• [Exercise objective]: Using the entries that follow, write out the line containing "have [cz|zc] := leP c (g z); last first.", the line containing "(* Let $n\ge1$", and every line between them, exactly and nothing else.

• [Input for this task]:
Lemma measurable_indirect q : price_system Z0 q ->
  measurable_fun (A : set (Bor R n)) (indirect q).
Proof.
move=> qs; apply: Bor_measurable_fun_lsc; first exact: Bor_measurable_compact.
move=> x c Ax /indirect_gt [z Zz cz].
have /cvgr_gt /(_ _ cz) := gain_continuous (q := q) Ax Zz.
by apply: filterS => y cy Ay; exact: lt_le_trans cy (gain_le_indirect qs Ay Zz).
Qed.

Lemma gain_gap_compact q x (K : set 'rV[R]_d) : price_system Z0 q -> A x ->
  compact K -> K `<=` Z0 -> (forall z0, K z0 -> ~ maximizers q x (Zgood z0)) ->
  exists2 del : R, 0 < del & forall z0, K z0 -> gain q x (Zgood z0) <= indirect q x - del.
Proof.
move=> qs Ax cK KZ K_not_max.
have [[m Km]|K0] := pselect (K !=set0); last first.
  by exists 1 => // z0 Kz0; exfalso; apply: K0; exists z0.
have gain_cont : {within K, continuous (fun z0 => gain q x (Zgood z0))}.
  apply: continuous_subspaceW KZ _; case: qs => _ _ qc.
  exact: within_continuousB (w_within_continuous Ax) qc.
have [mx /set_mem Kmx mx_max] := compact_EVT_max (ex_intro _ m Km) cK gain_cont.
exists (indirect q x - gain q x (Zgood mx)).
  rewrite subr_gt0; apply: gain_lt_indirect => //; [exact: KZ | exact: K_not_max].
by move=> z0 Kz0; have := mx_max z0 (mem_set Kz0); lra.
Qed.

Lemma gain_gap q x (g : Zpt R d -> R) c : price_system Z0 q -> A x ->
  {within Z0, continuous (g \o Zgood)} ->
  (forall z, Zset Z0 z -> c <= g z -> ~ maximizers q x z) ->
  exists2 del : R, 0 < del & forall z, Zset Z0 z -> c <= g z ->
    gain q x z <= indirect q x - del.
Proof.
move=> qs Ax gc g_not_max.
have point_gap z : Zset Z0 z -> exists2 del : R, 0 < del &
    (c <= g z -> gain q x z <= indirect q x - del).
  move=> Zz; have [cz|zc] := leP c (g z); last by exists 1 => // cz; lra.
  exists (indirect q x - gain q x z) => [|_]; last lra.
  by rewrite subr_gt0; apply: gain_lt_indirect => //; exact: g_not_max.
have [deld deld0 gapd] := point_gap _ Zset_Zempty_d.
have [dels dels0 gaps] := point_gap (@Zempty_s R d) I.
pose K := Z0 `&` [set z0 | c <= g (Zgood z0)].
have cK : compact K.
  have [U oU ZU] : exists2 U, open U &
      Z0 `&` [set z0 | - c < - g (Zgood z0)] = Z0 `&` U.
    apply: relatively_open_setI => z0 Zz0 cz0.
    apply: (@within_continuous_near_gt _ _ Z0 (fun z1 => - g (Zgood z1))) => // z1.
    by apply: cvgN; exact: gc.
  rewrite (_ : K = Z0 `&` ~` U); first exact: compact_closedI cZ (open_closedC oU).
  apply/seteqP; split => z0 [Zz0 z0U]; split => //.
    move=> Uz0; have : (Z0 `&` U) z0 by [].
    by rewrite -ZU => -[_ /=]; rewrite ltrN2; move: z0U => /=; lra.
  case: (leP c (g (Zgood z0))) => // gc0; exfalso; apply: z0U.
  have : (Z0 `&` [set z0 | - c < - g (Zgood z0)]) z0 by split => //=; rewrite ltrN2.
  by rewrite ZU => -[].
have [delK delK0 gapK] := gain_gap_compact qs Ax cK (@subIsetl _ _ _)
  (fun z0 Kz0 => g_not_max (Zgood z0) Kz0.1 Kz0.2).
pose del := Num.min delK (Num.min deld dels).
have [le_K le_d le_s] : [/\ del <= delK, del <= deld & del <= dels].
  by rewrite !ge_min !lexx !orbT.
exists del => [|z Zz cz]; first by rewrite !lt_min delK0 deld0 dels0.
case: z Zz cz => [z0||] /= Zz cz.
- by have := gapK z0 (conj Zz cz); lra.
- by have := gapd cz; lra.
- by have := gaps cz; lra.
Qed.

Definition price_mix (q1 q2 : Zpt R d -> R) (N : nat) z :=
  q1 z + (q2 z - q1 z) / N.+1%:R.

Lemma price_system_mix q1 q2 N : price_system Z0 q1 -> price_system Z0 q2 ->
  price_system Z0 (price_mix q1 q2 N).
Proof.
case=> q1d q1s q1c [q2d q2s q2c]; split; rewrite /price_mix ?q1d ?q1s ?q2d ?q2s.
- by rewrite subrr mul0r addr0.
- by rewrite subrr mul0r addr0.
have q21c := within_continuousB q2c q1c.
by move=> z; apply: cvgD; [exact: q1c | apply: cvgM; [exact: q21c | exact: cvg_cst]].
Qed.

Lemma gain_mix q1 q2 N x z :
  gain (price_mix q1 q2 N) x z = gain q1 x z + (q1 z - q2 z) / N.+1%:R.
Proof. by rewrite /gain /price_mix; ring. Qed.

Lemma indirect_mix_le q1 q2 x dd eps :
  price_system Z0 q1 -> price_system Z0 q2 -> A x -> maximizers q1 x = [set dd] -> 0 < eps ->
  exists N : nat, indirect (price_mix q1 q2 N) x <=
    indirect q1 x + (q1 dd - q2 dd + eps) / N.+1%:R.
Proof.
move=> qs1 qs2 Ax D1x eps0.
pose g z := q1 z - q2 z; pose c := g dd + eps.
have gc : {within Z0, continuous (g \o Zgood)}.
  by case: qs1 => _ _ q1c; case: qs2 => _ _ q2c; exact: within_continuousB q1c q2c.
have far_not_max z : Zset Z0 z -> c <= g z -> ~ maximizers q1 x z.
  by rewrite D1x => Zz + /= zdd; rewrite zdd /c; lra.
have [del del0 gap] := gain_gap qs1 Ax gc far_not_max.
have [M1 q1M] := price_bounded qs1; have [M2 q2M] := price_bounded qs2.
have gM z : Zset Z0 z -> `|g z| <= M1 + M2.
  move=> Zz; rewrite (le_trans (ler_normB _ _)) //; exact: lerD (q1M z Zz) (q2M z Zz).
pose N := Num.truncn ((M1 + M2 + `|c|) / del); exists N.
have N0 : 0 < N.+1%:R :> R by rewrite ltr0n.
have N_large : M1 + M2 + `|c| < del * N.+1%:R.
  by rewrite mulrC -ltr_pdivrMr //; exact: truncnS_gt.
apply: indirect_le => z Zz; rewrite gain_mix -/(g z) -/(g dd) -/c.
have g1 := gain_le_indirect qs1 Ax Zz.
have [cz|zc] := leP c (g z); last first.
  by apply: lerD g1 _; rewrite ler_pM2r ?invr_gt0 // ltW.
have gap_z := gap z Zz cz.
have : g z - c <= del * N.+1%:R.
  have := gM z Zz; have := ler_norm (g z); have := ler_norm (- c); rewrite normrN; lra.
rewrite -ler_pdivrMr // mulrBl.
by move: (g z / _) (c / _) => gzN cN; lra.
Qed.

Definition gap_minorant q1 q2 N x :=
  indirect q2 x - indirect q1 x - N.+1%:R * (indirect (price_mix q1 q2 N) x - indirect q1 x).
(* Let $n\ge1$ and $u\in\mathfrak{S}_n$. The Hopf algebra morphism $\mathcal{D}\colon\mathfrak{S}Sym\to QSym$, $\mathcal{F}_u\mapsto F_{\mathrm{Des}(u)}$, satisfies $$\mathcal{D}(\mathcal{M}_u)=\begin{cases}M_{\mathrm{GDes}(u)}&\text{if }u\text{ is closed},\\ 0&\text{otherwise.}\end{cases}$$
   Context: Permutations in one-line notation. $\mathrm{Des}(u)=\{p\in[n-1]:u_p>u_{p+1}\}$, $\mathrm{GDes}(u)=\{p\in[n-1]:u_i>u_j\text{ for all }i\le p<j\}$. For $J=\{p_1<\cdots<p_k\}\subseteq[n-1]$, $\zeta_J=(n{-}p_1{+}1,\ldots,n,\ n{-}p_2{+}1,\ldots,n{-}p_1,\ldots,1,\ldots,n{-}p_k)$, $\zeta_\emptyset=1_n$. A permutation $u\in\mathfrak{S}_n$ is closed if $u=\zeta_J$ for some $J\subseteq[n-1]$ (equivalently $\mathrm{Des}(u)=\mathrm{GDes}(u)$). $\mathfrak{S}Sym$ has basis $\{\mathcal{F}_u\}$; with the weak order ($u\le v$ iff $\mathrm{Inv}(u)\subseteq\mathrm{Inv}(v)$, $\mathrm{Inv}(u)=\{(i,j):i<j,u_i>u_j\}$) and its Möbius function $\mu$, $\mathcal{M}_u=\sum_{v\ge u}\mu(u,v)\mathcal{F}_v$. $QSym$ is the algebra of quasi-symmetric functions in commuting variables $x_1,x_2,\ldots$; for $J=\{j_1<\cdots<j_{k-1}\}\subseteq[n-1]$ with associated composition $\alpha=(j_1,j_2-j_1,\ldots,n-j_{k-1})$, the monomial quasi-symmetric function is $M_J=M_{J,n}=\sum_{i_1<\cdots<i_k}x_{i_1}^{\alpha_1}\cdots x_{i_k}^{\alpha_k}$ and the fundamental one is $F_J=\sum_{K\supseteq J,\,K\subseteq[n-1]}M_K$. The map $\mathcal{D}$ is (known to be) a morphism of Hopf algebras. *)

From HB Require Import structures.
From mathcomp Require Import all_boot all_order all_algebra all_fingroup.
From mathcomp Require Import mpoly.

Set Implicit Arguments.
Unset Strict Implicit.
Unset Printing Implicit Defensive.

Import GRing.Theory.


(* Permutations u : 'S_n, positions 0-indexed internally; the paper's
   position p (1-indexed) is index p-1.  Subsets of [n-1] = {1,...,n-1}
   are encoded as sets J : {set 'I_n} with 0 \notin J. *)

Section Defs.
Variable n : nat.

Definition oneline (u : 'S_n) : seq nat := [seq (val (u i)).+1 | i <- enum 'I_n].

Definition subset_n1 (J : {set 'I_n}) : bool := [forall p in J, 0 < val p].

Definition Des (u : 'S_n) : {set 'I_n} :=
  [set p : 'I_n | (0 < val p) &&
     (nth 0%N (oneline u) (val p).-1 > nth 0%N (oneline u) (val p))%N].

Definition GDes (u : 'S_n) : {set 'I_n} :=
  [set p : 'I_n | (0 < val p) &&
     [forall i : 'I_n, forall j : 'I_n,
        ((val i < val p)%N && (val p <= val j)%N) ==> (val (u j) < val (u i))%N]].

Definition zeta (J : {set 'I_n}) : seq nat :=
  let ps := sort leq [seq val p | p in J] in
  flatten (pairmap (fun a b => iota (n - b).+1 (b - a)) 0%N (ps ++ [:: n])).

Definition is_closed (u : 'S_n) : bool :=
  [exists J : {set 'I_n}, subset_n1 J && (oneline u == zeta J)].

Definition Inv (u : 'S_n) : {set 'I_n * 'I_n} :=
  [set ij : 'I_n * 'I_n | (val ij.1 < val ij.2)%N && (val (u ij.2) < val (u ij.1))%N].

Definition weak_le (u v : 'S_n) : bool := Inv u \subset Inv v.
Definition weak_lt (u v : 'S_n) : bool := (u != v) && weak_le u v.

(* Computed with fuel; fuel #|Inv v| suffices since w < v implies
   #|Inv w| < #|Inv v|. *)
Fixpoint mu_aux (k : nat) (u v : 'S_n) : int :=
  if u == v then 1%R else
  if k is k'.+1 then (- \sum_(w : 'S_n | weak_le u w && weak_lt w v) mu_aux k' u w)%R
  else 0%R.

Definition mu (u v : 'S_n) : int :=
  if weak_le u v then mu_aux #|Inv v| u v else 0%R.

(* SSym in degree n, as formal Z-linear combinations of the F_u *)
Notation SSymn := {ffun 'S_n -> int}.

Definition calF (u : 'S_n) : SSymn := [ffun v => (v == u)%:R%R].

Definition calM (u : 'S_n) : SSymn :=
  [ffun w => (\sum_(v : 'S_n | weak_le u v) mu u v * calF v w)%R].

• [Written solution]:
have [cz|zc] := leP c (g z); last first.
  by apply: lerD g1 _; rewrite ler_pM2r ?invr_gt0 // ltW.
have gap_z := gap z Zz cz.
have : g z - c <= del * N.+1%:R.
  have := gM z Zz; have := ler_norm (g z); have := ler_norm (- c); rewrite normrN; lra.
rewrite -ler_pdivrMr // mulrBl.
by move: (g z / _) (c / _) => gzN cN; lra.
Qed.

Definition gap_minorant q1 q2 N x :=
  indirect q2 x - indirect q1 x - N.+1%:R * (indirect (price_mix q1 q2 N) x - indirect q1 x).
(* Let $n\ge1$ and $u\in\mathfrak{S}_n$. The Hopf algebra morphism $\mathcal{D}\colon\mathfrak{S}Sym\to QSym$, $\mathcal{F}_u\mapsto F_{\mathrm{Des}(u)}$, satisfies $$\mathcal{D}(\mathcal{M}_u)=\begin{cases}M_{\mathrm{GDes}(u)}&\text{if }u\text{ is closed},\\ 0&\text{otherwise.}\end{cases}$$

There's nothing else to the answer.